This article is taken from the November issue of The Critic. To get the full magazine why not subscribe? Right now we’re offering three issue for just £5.
Evidence that the young have not (contrary to reports) lost the ability to delight came when a survey of millennials, asked for a word to describe those who like opera, instead of the expected “moribund”, “tragic”, “solitary”, “insanitary”, etc, plumped for the rather diverting “evil”. Though when you ponder it, how could they think otherwise? The only place they might ever have encountered such mythic creatures will be in movies (watched on a phone on a bus), where a liking for opera is an invariable signifier of depravity: Bond villains, Hannibal Lecter, Michael Corleone, Lex Luthor.
Pleasingly, it is also demonstrably correct: consider the world’s best-known opera fans — Hitler, Marie Antoinette, Angela Merkel, Michael Gove — and a glance around the rapacious industrialists, perverts, financiers and Russians in the Covent Garden stalls seems unlikely to bring a glow to the heart.
Philip Toynbee fancied a bomb under the West Stand at Twickenham would set fascism back by 50 years. The composer Pierre Boulez similarly favoured blowing up the world’s opera houses (and had his collar felt by the Swiss plod immediately post 9/11 for his ancient quip).
Now that we all disapprove so strongly of jokes like these, we must find other means to punish the knaves who frequent the opera.
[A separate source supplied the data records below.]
(* Let $\rho$ be a geometric Nielsen 1-chain and let $p_0,p_1,\dots,p_m$ ($m\ge1$) be an edge-path in $T_\rho$ with $p_0=p_m$. Then either $p_j=p_k$ for some distinct indices $0\le j,k<m$, or there exists an orientation on this edge-path.
   Context: Setup: $\mathbb F$ finitely generated free, $\Gamma$ finite connected graph with $\pi_1(\Gamma)\cong\mathbb F$, $H\subset\Gamma$ a subgraph, $f$ a homotopy equivalence with $f(H)\subseteq H$ and fixed lift $\tilde f$ to the universal cover $\widetilde\Gamma$ ($\mathbb F$ acting by deck transformations), $\widetilde H$ the preimage of $H$. 1-chains $x=\sum_ex_ee$ (reversing an edge's orientation negates its coefficient), $\mathrm{supp}(x)=\{e:x_e\ne0\}$; $\pi_H^\perp$ sets coefficients on edges of $\widetilde H$ to $0$; $[u,v]$ is the 1-chain of the reduced edge-path from vertex $u$ to vertex $v$ (coefficient $\pm1$ on its edges). A geometric Nielsen 1-chain is $\rho=\pi_H^\perp([u,v])$ with $\tilde f(u)=u,\tilde f(v)=v$ such that (GNC1) for distinct $g_1,g_2\in\mathbb F$, $\mathrm{supp}(g_1\rho)\cap\mathrm{supp}(g_2\rho)$ is empty or a single edge; (GNC2) each edge $e\notin\widetilde H$ lies in $\mathrm{supp}(g\rho)$ for exactly two elements $g_1,g_2$, and is the unique edge of $\mathrm{supp}(g_1\rho)\cap\mathrm{supp}(g_2\rho)$; (GNC3) some non-commuting $g_1,g_2$ have $\mathrm{supp}(\rho)\cap\mathrm{supp}(g_i\rho)\ne\emptyset$. The graph $T_\rho$ has vertex set $\mathbb F$ and an edge between distinct $g_1,g_2$ iff $\mathrm{supp}(g_1\rho)\cap\mathrm{supp}(g_2\rho)\ne\emptyset$. An edge-path $p_0,\dots,p_m$ is a sequence of vertices with $p_{j-1},p_j$ adjacent. For a closed edge-path ($p_0=p_m$), take indices mod $m$, let $g_j=p_j$, and let $e_j$ be the unique edge in $\mathrm{supp}(g_{j-1}\rho)\cap\mathrm{supp}(g_j\rho)$; then $e_j,e_{j+1}\in\mathrm{supp}(g_j\rho)$. An orientation on the path is a choice, for each index $j$, of an orientation of $e_j$ (choices for different indices are independent) such that $(g_j\rho)_{e_j}=-(g_j\rho)_{e_{j+1}}$ for all $0\le j<m$. *)

From mathcomp Require Import all_boot all_algebra.
Set Implicit Arguments. Unset Strict Implicit. Unset Printing Implicit Defensive.
Import GRing.Theory.
Local Open Scope ring_scope.

Record group := Group {
  gcar :> Type;
  gmul : gcar -> gcar -> gcar;
  gone : gcar;
  ginv : gcar -> gcar;
  gmulA : forall x y z, gmul x (gmul y z) = gmul (gmul x y) z;
  gmul1 : forall x, gmul gone x = x;
  gmulV : forall x, gmul (ginv x) x = gone }.

Record sgraph := SGraph {
  vert : Type;
  edge : eqType;
  src : edge -> vert;
  rev : edge -> edge;
  revK : forall e, rev (rev e) = e;
  rev_neq : forall e, rev e <> e }.

Definition tgt (X : sgraph) (e : edge X) : vert X := src (rev e).

Fixpoint is_path (X : sgraph) (u : vert X) (p : seq (edge X)) (v : vert X) : Prop :=
  match p with
  | [::] => u = v
  | e :: q => src e = u /\ is_path (tgt e) q v
  end.

Fixpoint reduced (X : sgraph) (p : seq (edge X)) : Prop :=
  match p with
  | e :: ((e' :: _) as q) => e' <> rev e /\ reduced q
  | _ => True
  end.

Definition is_tree (X : sgraph) : Prop :=
  (forall u v : vert X, exists p, is_path u p v) /\
  (forall (u : vert X) p, is_path u p u -> reduced p -> p = [::]).

Record action (F : group) (X : sgraph) := Action {
  actV : F -> vert X -> vert X;
  actE : F -> edge X -> edge X;
  act_src : forall g e, src (actE g e) = actV g (src e);
  act_rev : forall g e, actE g (rev e) = rev (actE g e);
  actV1 : forall x, actV (gone F) x = x;
  actVM : forall g h x, actV (gmul g h) x = actV g (actV h x);
  actE1 : forall e, actE (gone F) e = e;
  actEM : forall g h e, actE (gmul g h) e = actE g (actE h e) }.

(* F acts as the deck group of the universal cover X -> X/F = Gamma, Gamma finite:
   X is a tree, the action is free (on vertices, and without edge inversions)
   and cofinite (finitely many orbits of vertices and of edges). *)
Definition deck_action (F : group) (X : sgraph) (A : action F X) : Prop :=
  [/\ is_tree X,
      (forall g x, actV A g x = x -> g = gone F),
      (forall g e, actE A g e <> rev e),
      (exists n (a : 'I_n -> vert X), forall x, exists i g, x = actV A g (a i)) &
      (exists n (a : 'I_n -> edge X), forall e, exists i g, e = actE A g (a i))].

(* preimage tilde H of a subgraph H of Gamma = X/F : an F-invariant subgraph *)
Definition invariant_subgraph (F : group) (X : sgraph) (A : action F X)
    (HV : pred (vert X)) (HE : pred (edge X)) : Prop :=
  [/\ (forall e, HE (rev e) = HE e),
      (forall e, HE e -> HV (src e)),
      (forall g x, HV (actV A g x) = HV x) &
      (forall g e, HE (actE A g e) = HE e)].

(* a lift tilde f of a homotopy equivalence f of Gamma with f(H) <= H:
   vertices go to vertices, edges to edge-paths, equivariantly with respect to
   the automorphism Phi of F = pi_1(Gamma) induced by f (f is a homotopy
   equivalence iff Phi is an automorphism). *)
Record lift_data (F : group) (X : sgraph) := LiftData {
  lPhi : F -> F;
  lV : vert X -> vert X;
  lE : edge X -> seq (edge X) }.
(* Let $G$ be a graph on $[n]$ whose connected components are $C_1,\dots,C_k$, and suppose that for all $i\neq j$ no edge of $C_i$ crosses an edge of $C_j$. Then $NC_G\cong NC_{C_1}\times NC_{C_2}\times\cdots\times NC_{C_k}$.
   Context: Graphs are finite simple graphs whose vertices are distinct positive integers; edges are written $ij$ with $i<j$. Two edges $a_1a_2$ and $b_1b_2$ cross if $a_1<b_1<a_2<b_2$ or $b_1<a_1<b_2<a_2$. A spanning subgraph is identified with its edge set. A bond of a graph $X$ is a spanning subgraph of $X$ each of whose connected components is an induced subgraph of $X$. A set partition of the vertex set is crossing if there are distinct blocks $B,B'$ and $a,c\in B$, $b,d\in B'$ with $a<b<c<d$, noncrossing otherwise; a bond is noncrossing if the partition of the vertex set into vertex sets of its connected components is noncrossing. $NC_X$ denotes the poset of noncrossing bonds of $X$ ordered by inclusion of edge sets. *)

(* Vertices of a graph on [n] = {1,...,n} are represented by
   'I_n (vertex i+1 <-> ordinal i); this shift preserves the order, hence
   crossings and noncrossingness. *)
From mathcomp Require Import all_boot.
Set Implicit Arguments. Unset Strict Implicit. Unset Printing Implicit Defensive.

Section Defs.
Variable n : nat.
Implicit Types (e : rel 'I_n) (V : {set 'I_n}) (B : {set 'I_n * 'I_n}).

Definition simple_graph e := symmetric e /\ irreflexive e.

Definition edges e V : {set 'I_n * 'I_n} :=
  [set p : 'I_n * 'I_n | [&& p.1 < p.2, p.1 \in V, p.2 \in V & e p.1 p.2]].

Definition adj B : rel 'I_n := fun x y => ((x, y) \in B) || ((y, x) \in B).

(* B is a bond of X = (V, edges e V): a spanning subgraph each of whose
   connected components is an induced subgraph of X, i.e. every edge of X
   joining two vertices of the same component of B belongs to B. *)
Definition is_bond e V B : bool :=
  (B \subset edges e V) &&
  [forall p in edges e V, connect (adj B) p.1 p.2 ==> (p \in B)].

(* The partition of V into vertex sets of components of B is noncrossing:
   no a<b<c<d in V with a,c in one block and b,d in a distinct block. *)
Definition noncrossing_bond V B : bool :=
  ~~ [exists a in V, exists b in V, exists c in V, exists d in V,
        [&& a < b, b < c, c < d, connect (adj B) a c, connect (adj B) b d &
            ~~ connect (adj B) a b]].

(* NC_X as a set of edge sets; its order is inclusion of edge sets. *)
Definition NC e V : {set {set 'I_n * 'I_n}} :=
  [set B : {set 'I_n * 'I_n} | is_bond e V B && noncrossing_bond V B].

Definition components e : {set {set 'I_n}} :=
  [set [set y | connect e x y] | x : 'I_n].

Definition cross (p q : 'I_n * 'I_n) : bool :=
  ((p.1 < q.1) && (q.1 < p.2) && (p.2 < q.2)) ||
  ((q.1 < p.1) && (p.1 < q.2) && (q.2 < p.2)).

(* Elements of the product poset prod_{C component} NC_C, encoded as finite
   functions from vertex sets to edge sets that are an element of NC_C on
   each component C and empty elsewhere. *)
Definition NCprod e : {set {ffun {set 'I_n} -> {set 'I_n * 'I_n}}} :=
  [set F : {ffun {set 'I_n} -> {set 'I_n * 'I_n}} | [forall C : {set 'I_n}, if C \in components e then F C \in NC e C
                      else F C == set0]].

Definition prod_le e (F F' : {ffun {set 'I_n} -> {set 'I_n * 'I_n}}) : bool :=
  [forall C in components e, F C \subset F' C].

End Defs.

(* The isomorphism restricts a bond to the edges of each component and glues a
   family of bonds back together by taking the union.  Restriction preserves
   noncrossingness since blocks of the restriction are blocks of the bond.
   For the union, a crossing a < b < c < d with a, c in one block and b, d in
   another is harmless when the two blocks lie in the same component; when they
   lie in different components, some edge p on the path from a to c has exactly
   one endpoint strictly between b and d, so some edge q on the path from b to d
   has exactly one endpoint strictly between the endpoints of p, and p and q
   cross, contradicting the hypothesis. *)
From mathcomp Require Import all_boot.
From mathcomp Require Import zify.
Set Implicit Arguments. Unset Strict Implicit. Unset Printing Implicit Defensive.

Lemma connect_cut_edge (T : finType) (r : rel T) (I : pred T) x y :
  connect r x y -> I x != I y -> exists s t, r s t /\ I s != I t.
Proof.
move=> /connectP[p r_p ->]; elim: p x r_p => [|z p IHp] x /=; first by rewrite eqxx.
case/andP=> rxz r_p; case: (eqVneq (I x) (I z)) => [-> | Ixz]; first exact: IHp.
by move=> _; exists x, z.
Qed.

Lemma straddle_sym (u v b d : nat) :
  b < d -> u < v -> u != b -> u != d -> v != b -> v != d ->
  (b < u < d) != (b < v < d) -> (u < b < v) != (u < d < v).
Proof. lia. Qed.

Lemma straddle_cross (p1 p2 q1 q2 : nat) :
  p1 < p2 -> q1 < q2 -> p1 != q1 -> p1 != q2 -> p2 != q1 -> p2 != q2 ->
  (p1 < q1 < p2) != (p1 < q2 < p2) ->
  (p1 < q1 < p2) && (p2 < q2) || (q1 < p1 < q2) && (q2 < p2).
Proof. lia. Qed.

Section NoncrossingBonds.

Variables (n : nat) (e : rel 'I_n).
Implicit Types (B P Q : {set 'I_n * 'I_n}) (p q : 'I_n * 'I_n) (V C VA VB : {set 'I_n}).
Implicit Types (x y a b c d : 'I_n) (F : {ffun {set 'I_n} -> {set 'I_n * 'I_n}}).

Definition component x : {set 'I_n} := [set y | connect e x y].

Definition component_parts B : {ffun {set 'I_n} -> {set 'I_n * 'I_n}} :=
  [ffun C => if C \in components e then B :&: edges e C else set0].

Definition glue F := \bigcup_(C in components e) F C.

Lemma edgesP V p :
  reflect [/\ p.1 < p.2, p.1 \in V, p.2 \in V & e p.1 p.2] (p \in edges e V).
Proof. by rewrite inE; apply: and4P. Qed.

Lemma edgesS V V' : V \subset V' -> edges e V \subset edges e V'.
Proof.
move=> sVV'; apply/subsetP=> p /edgesP[lt_p p1V p2V ep].
by apply/edgesP; rewrite !(subsetP sVV').
Qed.

Lemma edge_in_component p : p \in edges e setT -> p \in edges e (component p.1).
Proof. by case/edgesP=> lt_p _ _ ep; apply/edgesP; rewrite !inE connect0 connect1. Qed.

Lemma mem_components x : component x \in components e.
Proof. exact: imset_f. Qed.

Lemma adj_sym B : symmetric (adj B).
Proof. by move=> x y; rewrite /adj orbC. Qed.

Lemma connect_adjS B B' x y :
  B \subset B' -> connect (adj B) x y -> connect (adj B') x y.
Proof.
move=> sBB'; apply: connect_sub => u v /orP[] /(subsetP sBB') Buv; apply: connect1.
  by rewrite /adj Buv.
by rewrite /adj Buv orbT.
Qed.

Lemma adj_setI_edges B V x y :
  B \subset edges e setT -> x \in V -> y \in V -> adj B x y ->
  adj (B :&: edges e V) x y.
Proof.
move=> sBE xV yV /orP[] Bxy; have /edgesP[lt_p _ _ exy] := subsetP sBE _ Bxy.
  by rewrite /adj in_setI Bxy; apply/orP; left; apply/edgesP.
by rewrite /adj [X in _ || X]in_setI Bxy; apply/orP; right; apply/edgesP.
Qed.

Lemma adj_separating_edge B (I : pred 'I_n) x y :
  connect (adj B) x y -> I x != I y -> exists2 p, p \in B & I p.1 != I p.2.
Proof.
move=> cxy Ixy; have [s [t [/orP[Bst | Bts] Ist]]] := connect_cut_edge cxy Ixy.
  by exists (s, t).
by exists (t, s); rewrite // eq_sym.
Qed.

Lemma interleaved_edges_cross VA VB P Q a b c d :
  [disjoint VA & VB] -> P \subset edges e VA -> Q \subset edges e VB ->
  b \in VB -> d \in VB -> a < b -> b < c -> c < d ->
  connect (adj P) a c -> connect (adj Q) b d ->
  exists2 p, p \in P & exists2 q, q \in Q & cross p q.
Proof.
move=> dAB sPA sQB Bb Bd ab bc cd ac bd.
have neqAB x y : x \in VA -> y \in VB -> nat_of_ord x != y.
  by move=> Ax By; apply: contraTneq Ax => /val_inj->; rewrite (disjointFl dAB).
have Iac : (b < a < d) != (b < c < d) by lia.
have [p Pp Ip] := adj_separating_edge (I := fun x => b < x < d) ac Iac.
have /edgesP[lt_p Ap1 Ap2 _] := subsetP sPA p Pp.
have Jbd : (p.1 < b < p.2) != (p.1 < d < p.2).
  by apply: straddle_sym (ltn_trans bc cd) _ _ _ _ _ _; rewrite ?neqAB.
have [q Qq Jq] := adj_separating_edge (I := fun x => p.1 < x < p.2) bd Jbd.
have /edgesP[lt_q Bq1 Bq2 _] := subsetP sQB q Qq.
by exists p => //; exists q => //; apply: straddle_cross; rewrite ?neqAB.
Qed.

Lemma NCP V B :
  reflect [/\ B \subset edges e V,
              forall p, p \in edges e V -> connect (adj B) p.1 p.2 -> p \in B &
              forall a b c d, a \in V -> b \in V -> c \in V -> d \in V ->
                a < b -> b < c -> c < d ->
                connect (adj B) a c -> connect (adj B) b d -> connect (adj B) a b]
          (B \in NC e V).
Proof.
rewrite inE /is_bond /noncrossing_bond; apply: (iffP idP).
  case/andP=> /andP[sBE /forall_inP clB] ncB; split=> //.
    by move=> p Ep cp; apply: (implyP (clB p Ep)).
  move=> a b c d Va Vb Vc Vd ab bc cd ac bd; apply: contraNT ncB => nab.
  apply/exists_inP; exists a => //; apply/exists_inP; exists b => //.
  apply/exists_inP; exists c => //; apply/exists_inP; exists d => //.
  by rewrite ab bc cd ac bd.
case=> sBE clB ncB; rewrite sBE /=; apply/andP; split.
  by apply/forall_inP=> p Ep; apply/implyP; apply: clB.
apply/negP=> /exists_inP[a Va /exists_inP[b Vb /exists_inP[c Vc /exists_inP[d Vd]]]].
by case/and5P=> ab bc cd ac /andP[bd]; rewrite (ncB a b c d).
Qed.

Lemma NCprodP F :
  reflect ((forall C, C \in components e -> F C \in NC e C) /\
           (forall C, C \notin components e -> F C = set0))
          (F \in NCprod e).
Proof.
rewrite inE; apply: (iffP forallP) => [FC | [FC F0] C].
  by split=> C Cc; have := FC C; [rewrite Cc | rewrite (negbTE Cc) => /eqP].
by case: ifP => Cc; [apply: FC | rewrite F0 ?Cc].
Qed.

Hypothesis sym_e : symmetric e.

Lemma component_eq x y : y \in component x -> component y = component x.
Proof.
by rewrite inE => cxy; apply/setP=> z; rewrite !inE (same_connect (sym_connect_sym sym_e) cxy).
Qed.

Lemma component_of_mem C x : C \in components e -> x \in C -> C = component x.
Proof. by case/imsetP=> z _ -> zx; rewrite (component_eq zx). Qed.

Lemma disjoint_components x y : ~~ connect e x y -> [disjoint component x & component y].
Proof.
move=> nxy; rewrite disjoint_subset; apply/subsetP=> z; rewrite !inE => xz.
apply: contra nxy => yz.
by apply: connect_trans xz _; rewrite (sym_connect_sym sym_e).
Qed.

Lemma connect_adj_edges B x y :
  B \subset edges e setT -> connect (adj B) x y -> connect e x y.
Proof.
move=> sBE; apply: connect_sub => u v /orP[] /(subsetP sBE) /edgesP[_ _ _ euv].
  exact: connect1.
by apply: connect1; rewrite sym_e.
Qed.

Lemma connect_adj_component B x y :
  B \subset edges e setT -> connect (adj B) x y ->
  connect (adj (B :&: edges e (component x))) x y.
Proof.
set B' := B :&: edges e (component x) => sBE.
have B'E : B' \subset edges e setT := subset_trans (subsetIr _ _) (edgesS (subsetT _)).
suff clB' : closed (adj B) (connect (adj B') x).
  by move=> cxy; have := closed_connect clB' cxy; rewrite !inE connect0.
apply: intro_closed; first exact: sym_connect_sym (adj_sym B).
move=> u v Buv xu.
have ux : u \in component x by rewrite inE (connect_adj_edges B'E xu).
have vx : v \in component x.
  by rewrite -(component_eq ux) inE (connect_adj_edges sBE (connect1 Buv)).
exact: connect_trans xu (connect1 (adj_setI_edges sBE ux vx Buv)).
Qed.

Lemma NC_setI_edges B C :
  B \in NC e setT -> C \in components e -> B :&: edges e C \in NC e C.
Proof.
case/NCP=> sBE clB ncB Cc; apply/NCP; split; first exact: subsetIr.
  move=> p Ep cp; rewrite in_setI Ep andbT.
  apply: clB (connect_adjS (subsetIl _ _) cp).
  exact: subsetP (edgesS (subsetT C)) _ Ep.
move=> a b c d Ca _ _ _ ab bc cd ac bd.
have cab : connect (adj B) a b.
  by apply: ncB ab bc cd (connect_adjS (subsetIl _ _) ac) (connect_adjS (subsetIl _ _) bd);
    rewrite inE.
by rewrite (component_of_mem Cc Ca); apply: connect_adj_component.
Qed.

Lemma glue_setI_edges F C :
  (forall C, C \in components e -> F C \subset edges e C) ->
  C \in components e -> glue F :&: edges e C = F C.
Proof.
move=> FE Cc; apply/setP=> p; rewrite in_setI; apply/andP/idP => [[]|Fp].
  case/bigcupP=> C' C'c Fp /edgesP[_ Cp1 _ _].
  have /edgesP[_ C'p1 _ _] := subsetP (FE C' C'c) p Fp.
  by rewrite (component_of_mem Cc Cp1) -(component_of_mem C'c C'p1).
by split; [apply/bigcupP; exists C | apply: (subsetP (FE C Cc))].
Qed.

Lemma component_parts_le B B' :
  B \subset edges e setT ->
  (B \subset B') = prod_le e (component_parts B) (component_parts B').
Proof.
move=> sBE; apply/idP/forall_inP => [sBB' C Cc | le].
  by rewrite !ffunE Cc setSI.
apply/subsetP=> p Bp; have Ep := edge_in_component (subsetP sBE p Bp).
have := le _ (mem_components p.1); rewrite !ffunE mem_components.
by move/subsetP/(_ p); rewrite !in_setI Bp Ep => /(_ isT)/andP[].
Qed.

Lemma component_parts_NCprod B :
  B \in NC e setT -> component_parts B \in NCprod e.
Proof.
move=> BNC; apply/NCprodP; split=> C Cc; rewrite ffunE.
  by rewrite Cc; apply: NC_setI_edges.
by rewrite (negbTE Cc).
Qed.

Lemma component_parts_glue F : F \in NCprod e -> component_parts (glue F) = F.
Proof.
case/NCprodP=> FNC F0; apply/ffunP=> C; rewrite ffunE.
case: (boolP (C \in components e)) => Cc; last by rewrite F0.
by apply: glue_setI_edges => // C' /FNC /NCP[].
Qed.

Hypothesis components_noncrossing :
  forall C C', C \in components e -> C' \in components e -> C != C' ->
    forall p q, p \in edges e C -> q \in edges e C' -> ~~ cross p q.

Lemma glue_NC F : F \in NCprod e -> glue F \in NC e setT.
Proof.
case/NCprodP=> FNC _; set B := glue F.
have FE C : C \in components e -> F C \subset edges e C by case/FNC/NCP.
have sBE : B \subset edges e setT.
  by apply/bigcupsP=> C Cc; apply: subset_trans (FE C Cc) (edgesS (subsetT _)).
have FB x : F (component x) \subset B := bigcup_sup _ (mem_components x).
have cB x y : connect (adj B) x y -> connect (adj (F (component x))) x y.
  by rewrite -(glue_setI_edges FE (mem_components x)); apply: connect_adj_component.
apply/NCP; split=> // [p Ep cp | a b c d _ _ _ _ ab bc cd ac bd].
  have /NCP[_ clF _] := FNC _ (mem_components p.1).
  exact: subsetP (FB p.1) _ (clF _ (edge_in_component Ep) (cB _ _ cp)).
have Ac : c \in component a by rewrite inE (connect_adj_edges sBE ac).
have Bd : d \in component b by rewrite inE (connect_adj_edges sBE bd).
have Bb : b \in component b by rewrite inE connect0.
case: (boolP (connect e a b)) => [eab | neab].
  have Aa : a \in component a by rewrite inE connect0.
  have Ab : b \in component a by rewrite inE.
  have bdA : connect (adj (F (component a))) b d by rewrite -(component_eq Ab) cB.
  rewrite (component_eq Ab) in Bd.
  have /NCP[_ _ ncF] := FNC _ (mem_components a).
  exact: connect_adjS (FB a) (ncF a b c d Aa Ab Ac Bd ab bc cd (cB _ _ ac) bdA).
have neqAB : component a != component b.
  by apply: contraNneq neab => AB; move: Bb; rewrite -AB inE.
have [p Pp [q Qq /negP[]]] := interleaved_edges_cross (disjoint_components neab)
  (FE _ (mem_components a)) (FE _ (mem_components b)) Bb Bd ab bc cd (cB _ _ ac) (cB _ _ bd).
apply/negP; apply: (components_noncrossing (mem_components a) (mem_components b) neqAB).
  exact: subsetP (FE _ (mem_components a)) _ Pp.
exact: subsetP (FE _ (mem_components b)) _ Qq.
Qed.

End NoncrossingBonds.

Theorem lemma2p9 (n : nat) (e : rel 'I_n) :
  simple_graph e ->
  (forall C C', C \in components e -> C' \in components e -> C != C' ->
     forall p q, p \in edges e C -> q \in edges e C' -> ~~ cross p q) ->
  exists phi : {set 'I_n * 'I_n} -> {ffun {set 'I_n} -> {set 'I_n * 'I_n}},
    [/\ {in NC e setT, forall B, phi B \in NCprod e},
        {in NC e setT &, injective phi},
        (forall F, F \in NCprod e -> exists2 B, B \in NC e setT & phi B = F) &
        {in NC e setT &, forall B B' : {set 'I_n * 'I_n}, (B \subset B') = prod_le e (phi B) (phi B')}].
Proof.
move=> [sym_e _] ncross; exists (component_parts e).
have le : {in NC e setT &, forall B B' : {set 'I_n * 'I_n}, (B \subset B') =
    prod_le e (component_parts e B) (component_parts e B')}.
  by move=> B B' /NCP[sBE _ _] _; apply: component_parts_le.
split=> //.
- by move=> B; apply: component_parts_NCprod.
- move=> B B' BNC B'NC eqBB'; apply/eqP.
  rewrite eqEsubset le // le // eqBB' andbb.
  by apply/forall_inP=> C _.
- move=> F FNC; exists (glue e F); first exact: glue_NC.
  exact: component_parts_glue.
Qed.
And happily, nobody is keener to do this than those who run the opera houses.
More proof of this emerged when Covent Garden, to a fanfare evidently scored for kazoo and whoopee cushion, emerged from its seven-month slumber — a well-upholstered Fafnerian snooze that netted about 14 million of your English quid in state subsidy — to announce its plans to save the opera world from final dissolution.
This salvation is to be effected through a satirically engagé programme that would make you blush even as part of a self-consciously grungy festival organised in a multi-storey car park by recent Oxbridge graduates affecting to find opera cool.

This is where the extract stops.